In order to avoid this event, the applied voltage should be raised. However, if the
applied voltage is raised, each of the heat generating resistors receives a greater
voltage when each of them is driven individually. Therefore, the life of heat generating
resistors is made shorter inevitably.
[0015] Also, it is in practice conventionally that the numbers of the heat generating resistors
driven at a time are made smaller, while time division is set per driving cycle. Under
the present circumstances, however, driving should be made at a high frequency in
order to enhance the printing speed. Thus, the driving cycle is made extremely small
accordingly. The factor that determines the driving cycle is mostly subjected to the
responding capability of the driving element. Here, therefore, it is difficult to
make the width of the driving pulse smaller still because of the limited responding
capability of the driving element. As a result, the number of time divisions cannot
be increased any more.
[0016] Also, conceivably, it may be possible to make the application of energy constant
with respect to the heat generating resistors by widening the pulse width to the extent
that the voltage may drop when applied to the heat generating resistors depending
on the number of heat generating resistors to be driven at a time. In this case, however,
there is a need for the provision of a logical circuit that control energy so that
it may be applied constantly. This additional provision of the logical circuit leads
to the inevitable increase of costs when manufacturing driving elements.

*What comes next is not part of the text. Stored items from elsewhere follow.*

(* Let $q$ be a prime power and let $M=(m_{ij})$ be a $2\times 2$ matrix with all $m_{ij}\in\mathbb{F}_q$. Let $N=(n_{ij})$ be the $2\times 2$ matrix with $n_{11}=m_{11}$, $n_{22}=m_{22}$, $n_{21}=0$, $n_{12}=m_{12}+m_{21}$. Then $\mathrm{Num}'_0(M)_q=\mathrm{Num}'_0(N)_q$ and $\mathrm{Num}_k(M)_q=\mathrm{Num}_k(N)_q$ for all $k\in\mathbb{F}_q$. Moreover: (i) If $q\equiv -1\pmod 4$, then $\mathrm{Num}'_0(M)_q=\emptyset$. (ii) Assume $q$ is even. If $m_{22}+m_{12}+m_{21}+m_{11}\neq 0$, then $\mathrm{Num}'_0(M)_q=\mathbb{F}_q^*$ and $\sharp(\mathrm{Num}_k(M)_q)\ge q/2$ for all $k\in\mathbb{F}_q^*$. If $m_{22}+m_{12}+m_{21}+m_{11}=0$, then $\mathrm{Num}'_0(M)_q=\{0\}$ and for each fixed $k\in\mathbb{F}_q^*$ either $\mathrm{Num}_k(M)_q=\mathbb{F}_q$ or $\sharp(\mathrm{Num}_k(M)_q)=1$. If $m_{12}+m_{21}=0$ and $m_{11}\neq m_{22}$, then $\mathrm{Num}_k(M)_q=\mathbb{F}_q$ for all $k\in\mathbb{F}_q^*$. (iii) Assume $q\equiv 1\pmod 4$. (iii1) If $m_{12}+m_{21}\neq 0$, then $\mathrm{Num}_0(M)_q$ contains at least $(q-1)/2$ elements of $\mathbb{F}_q^*$. (iii2) Assume $m_{12}+m_{21}=0$. If $m_{11}=m_{22}$, then $\mathrm{Num}_k(M)_q=\{km_{11}\}$ for all $k\in\mathbb{F}_q$ and $0\in\mathrm{Num}'_0(M)_q$. If $m_{11}\neq m_{22}$, then $\sharp(\mathrm{Num}_k(M)_q)\le (q+1)/2$ for all $k\in\mathbb{F}_q$, $\sharp(\mathrm{Num}_0(M)_q)=(q+1)/2$ and $\sharp(\mathrm{Num}'_0(M)_q)=(q-1)/2$.
   Context: The Hermitian form on $\mathbb{F}_{q^2}^n$ is $\langle u,v\rangle=\sum_i u_i^q v_i$; for $u=(x_1,\dots,x_n)\in\mathbb{F}_q^n$ and $M=(m_{ij})$ with entries in $\mathbb{F}_q$ one has $\langle u,u\rangle=\sum_i x_i^2$ and $\langle u,Mu\rangle=\sum_{i,j}m_{ij}x_ix_j$. For such $M$ and $k\in\mathbb{F}_q$, $\mathrm{Num}_k(M)_q=\{\langle u,Mu\rangle: u\in\mathbb{F}_q^n,\ \langle u,u\rangle=k\}$, and (for $n\ge 2$) $\mathrm{Num}'_0(M)_q=\{\langle u,Mu\rangle: u\in\mathbb{F}_q^n\setminus\{0\},\ \langle u,u\rangle=0\}$. *)

From HB Require Import structures.
From mathcomp Require Import all_boot all_order all_algebra all_field.
Set Implicit Arguments. Unset Strict Implicit. Unset Printing Implicit Defensive.
Import Order.TTheory GRing.Theory.
Local Open Scope ring_scope.

Definition herm_self (F : finFieldType) (n : nat) (u : 'rV[F]_n) : F :=
  \sum_(i < n) u 0 i ^+ 2.

Definition herm_M (F : finFieldType) (n : nat) (M : 'M[F]_n) (u : 'rV[F]_n) : F :=
  \sum_(i < n) \sum_(j < n) M i j * u 0 i * u 0 j.

Definition Numk (F : finFieldType) (n : nat) (k : F) (M : 'M[F]_n) : {set F} :=
  [set herm_M M u | u in [set u : 'rV[F]_n | herm_self u == k]].

Definition Num0' (F : finFieldType) (n : nat) (M : 'M[F]_n) : {set F} :=
  [set herm_M M u | u in [set u : 'rV[F]_n | (u != 0) && (herm_self u == 0)]].

Definition Nmat (F : finFieldType) (n : nat) (M : 'M[F]_n) : 'M[F]_n :=
  \matrix_(i < n, j < n)
    (if i == j then M i j else if (i < j)%N then M i j + M j i else 0).

From HB Require Import structures.
From mathcomp Require Import all_boot all_order all_algebra all_field.
From mathcomp Require Import zify ring.
Set Implicit Arguments. Unset Strict Implicit. Unset Printing Implicit Defensive.
Import Order.TTheory GRing.Theory.
Local Open Scope ring_scope.

(* Both sets only see the binary quadratic form
   Q(x, y) = m11 x^2 + (m12 + m21) x y + m22 y^2, which M and N share, evaluated
   on the level sets of x^2 + y^2.  If q = 3 mod 4, -1 is not a square and
   x^2 + y^2 = 0 only at 0.  In characteristic 2, x^2 + y^2 = (x + y)^2 and
   squaring is bijective, so x^2 + y^2 = t^2 is the line y = t + x, on which Q is
   a quadratic polynomial in x, whose fibres have at most two points.  If
   q = 1 mod 4, some i has i^2 = -1, the isotropic vectors are (x, +-i x), and on
   them Q is a multiple of x^2; the counts then come from F having (q - 1)/2
   nonzero squares. *)

Section FinFieldFacts.
Variable F : finFieldType.

Lemma pchar2_card_even : (2 \in [pchar F]) = ~~ odd #|F|.
Proof.
apply/idP/idP => [c2 |].
  have := finNzRing_gt1 F; rewrite (card_pprimeChar c2) oddX /= orbF.
  by case: (logn 2 _).
have [p p_pr cp] := finPcharP F.
rewrite (card_pprimeChar cp) oddX negb_or => /andP[_].
by case: (even_prime p_pr) cp => [-> // | ->].
Qed.

Lemma natr2_neq0_card_odd : (2%:R != 0 :> F) = odd #|F|.
Proof. by rewrite -[odd _]negbK -pchar2_card_even inE. Qed.

Lemma expf_card_pred (x : F) : x != 0 -> x ^+ #|F|.-1 = 1.
Proof.
move=> xnz; apply: (mulfI xnz).
by rewrite -exprS prednK ?expf_card ?mulr1 // ltnW ?finNzRing_gt1.
Qed.

Lemma exists_sqrtN1 : (#|F| %% 4 = 1)%N -> exists i : F, i ^+ 2 = -1.
Proof.
move=> q4; have q_gt1 : (1 < #|F|)%N by exact: finNzRing_gt1.
set m := (#|F|.-1 %/ 2)%N.
have m_gt0 : (0 < m)%N by rewrite /m; lia.
have [x /andP[xnz xm_neq1]] : exists x : F, (x != 0) && (x ^+ m != 1).
  (* otherwise the q - 1 nonzero elements are roots of 'X^m - 1 *)
  apply/existsP/contraT; rewrite negb_exists => /forallP xm_eq1.
  have := @max_poly_roots _ ('X^m - 1) (enum [pred x : F | x != 0]).
  rewrite -size_poly_eq0 size_XnsubC // enum_uniq -cardE cardC1.
  have -> : all (root ('X^m - 1)) (enum [pred x : F | x != 0]).
    apply/allP => x; rewrite mem_enum inE => xnz.
    by have := xm_eq1 x; rewrite xnz negbK rootE !hornerE subr_eq0.
  by move=> /(_ isT isT isT); rewrite /m; set q := #|F| in q4 *; lia.
have /eqP : (x ^+ m) ^+ 2 = 1.
  by rewrite -exprM -(expf_card_pred xnz); congr (_ ^+ _); rewrite /m; lia.
rewrite sqrf_eq1 (negbTE xm_neq1) => /eqP xmN1.
by exists (x ^+ (m %/ 2)); rewrite -exprM -xmN1; congr (_ ^+ _); rewrite /m; lia.
Qed.

Lemma sqr_neqN1 (x : F) : (#|F| %% 4 = 3)%N -> x ^+ 2 != -1.
Proof.
move=> q4; apply/eqP => xN1.
have xnz : x != 0.
  by apply: contra_eq_neq xN1 => ->; rewrite expr0n eq_sym oppr_eq0 oner_eq0.
have : x ^+ #|F|.-1 = -1.
  have -> : (#|F|.-1 = 2 * ((#|F| %/ 4) * 2 + 1))%N by lia.
  by rewrite exprM xN1 exprD mulnC exprM sqrrN !expr1n mul1r expr1.
rewrite expf_card_pred // => /eqP; rewrite -addr_eq0.
by apply/negP; rewrite natr2_neq0_card_odd; lia.
Qed.

End FinFieldFacts.

Lemma card_le_double_imset (T rT : finType) (f : T -> rT) (s : T -> T) (A : {pred T}) :
  {in A &, forall x y, f x = f y -> y = x \/ y = s x} ->
  (#|A| <= 2 * #|f @: A|)%N.
Proof.
move=> fiber2; rewrite -sum1_card (partition_big_imset f) /= mulnC -sum_nat_const.
apply: leq_sum => _ /imsetP[x xA ->]; rewrite sum1dep_card.
apply: leq_trans (_ : #|[set x; s x]| <= 2)%N; last by rewrite cards2 ltnS leq_b1.
apply: subset_leq_card; apply/subsetP => y; rewrite !inE => /andP[yA /eqP fyx].
by case: (fiber2 x y xA yA (esym fyx)) => ->; rewrite eqxx ?orbT.
Qed.

Lemma imsetT_inj (T : finType) (f : T -> T) : injective f -> [set f x | x : T] = [set: T].
Proof. by move=> f_inj; apply/eqP; rewrite eqEcard subsetT card_imset ?cardsT ?leqnn. Qed.

Lemma quadratic_fiber (F : fieldType) (a b c x y : F) : a != 0 ->
  a * x ^+ 2 + b * x + c = a * y ^+ 2 + b * y + c -> y = x \/ y = - x - b / a.
Proof.
move=> anz /eqP; rewrite -subr_eq0.
have -> : a * x ^+ 2 + b * x + c - (a * y ^+ 2 + b * y + c) = (x - y) * (a * (x + y) + b).
  by ring.
rewrite mulf_eq0 subr_eq0 => /orP[/eqP-> | /eqP]; first by left.
move=> /(canRL (addrK b)); rewrite sub0r => /(canRL (mulKf anz)) xy.
by right; rewrite -[y](addKr x) xy mulrN [_^-1 * b]mulrC.
Qed.

Lemma card_quadratic_image (F : finFieldType) (a b c : F) : a != 0 ->
  leq (#|F| %/ 2)%N #|[set a * x ^+ 2 + b * x + c | x : F]|.
Proof.
move=> anz.
have := @card_le_double_imset _ _ (fun x => a * x ^+ 2 + b * x + c) (fun x => - x - b / a).
move=> /(_ F (fun x y _ _ => quadratic_fiber anz)) /(leq_div2r 2).
by rewrite mulKn.
Qed.

Section Squares.
Variable F : finFieldType.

[0017] Also, it may be possible to make the wiring a thick film by means of plating techniques
or the like in order to make the resistance of the electric power wiring lower. In
this case, however, a protection layer should be provided, because there is a possibility
that the wires are in contact with ink. Therefore, this provision of the protection
layer on the thick film makes its upper surface higher than the surface of the heat
generating resistors. This, in turn, makes it difficult to form nozzle members on
the heat generating resistors, thus presenting another restriction in this respect.
Particularly when the head should be produced finely to discharge ink droplets in
high precision, the nozzles member is in the order of 10 µm when being formed, while
the plated thick film wiring is also in the order of 10 µm. Here, therefore, the problem
is more conspicuous.
[0018] In order to reduce the resistance of the electric power wiring, it is naturally required
to make the electric power wires thicker. Then, the size of the substrate should be
made larger accordingly. The costs of manufacture of the substrate becomes higher
for the provision of heat generating elements, which occupy a larger percentage of
costs in manufacturing heads. In order to prevent this, it may be conceivable to attempt
increasing the number of pads for use of external fetch electrodes for the electric
power wiring for the reduction of resistance of the external wiring plate. However,
the increased number of pads not only invites the reduction of reliability, but also,
necessitates making the size of substrate larger.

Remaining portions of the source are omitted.